- **What to work on**: Your response should be a copy of each line in the listing below that includes the word "exact".

- **Data records**:

Lemma sqdist_telescope b : feasible b -> forall j N, (j <= N)%N ->
  sqdist (a N) b + 2 * \sum_(j <= k < N) alpha k * (Dobj (a k) - Dobj b)
  <= sqdist (a j) b + 4 * m%:R * \sum_(j <= k < N) alpha k ^+ 2.
Proof.
move=> b_feas j N /subnKC <-; elim: (N - j)%N => [|d IH].
  by rewrite addn0 !big_geq //; lra.
rewrite addnS !big_nat_recr ?leq_addr //=.
by have := sqdist_step (j + d) b_feas; lra.
Qed.

Let sq_tail j := limn (series (fun k => alpha k ^+ 2)) - series (fun k => alpha k ^+ 2) j.

Lemma sum_sq_le_tail j N : (j <= N)%N -> \sum_(j <= k < N) alpha k ^+ 2 <= sq_tail j.
Proof.
move=> jN; rewrite -sub_series_geq // lerB //.
apply: nondecreasing_cvgn_le => //.
by apply: nondecreasing_series => k _ _; exact: sqr_ge0.
Qed.

Lemma sq_tail_small e : 0 < e -> exists j0, forall j, (j0 <= j)%N -> sq_tail j <= e.
Proof.
move=> e0; have /cvgrPdist_le /(_ e e0) [N _ HN] := series_alpha2_cvg.
by exists N => j Nj; have := HN j Nj; rewrite /= ler_norml /sq_tail; lra.
Qed.

Lemma sqdist_quasi_fejer b : optimal b -> forall j N, (j <= N)%N ->
  sqdist (a N) b <= sqdist (a j) b + 4 * m%:R * sq_tail j.
Proof.
move=> [b_feas b_min] j N jN.
have := sqdist_telescope b_feas jN.
have : 0 <= \sum_(j <= k < N) alpha k * (Dobj (a k) - Dobj b).
  apply: sumr_ge0 => k _; rewrite mulr_ge0 ?(ltW (alpha_gt0 k)) //.
  by rewrite subr_ge0 b_min //; exact: iterate_feasible.
have m0 : 0 <= 4 * m%:R :> R by rewrite mulr_ge0.
have := ler_wpM2l m0 (sum_sq_le_tail jN).
lra.
Qed.

Lemma iterate_bounded b : optimal b -> forall i, exists M, forall k, enorm (a k i) <= M.
Proof.
move=> b_opt i; set S := sqdist (a 0%N) b + 4 * m%:R * sq_tail 0.
exists (enorm (b i) + Num.sqrt S) => k.
have le_S := sqdist_quasi_fejer b_opt (leq0n k).
have : enorm (a k i - b i) <= Num.sqrt S.
  apply: le_trans (enorm_le_sqdist _ _ i) _.
  by rewrite ler_sqrt // (le_trans (sqdist_ge0 _ _) le_S).
by have := ler_enormD (a k i - b i) (b i); rewrite subrK; lra.
Qed.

- **The answer**:
by apply: nondecreasing_series => k _ _; exact: sqr_ge0.
  by rewrite subr_ge0 b_min //; exact: iterate_feasible.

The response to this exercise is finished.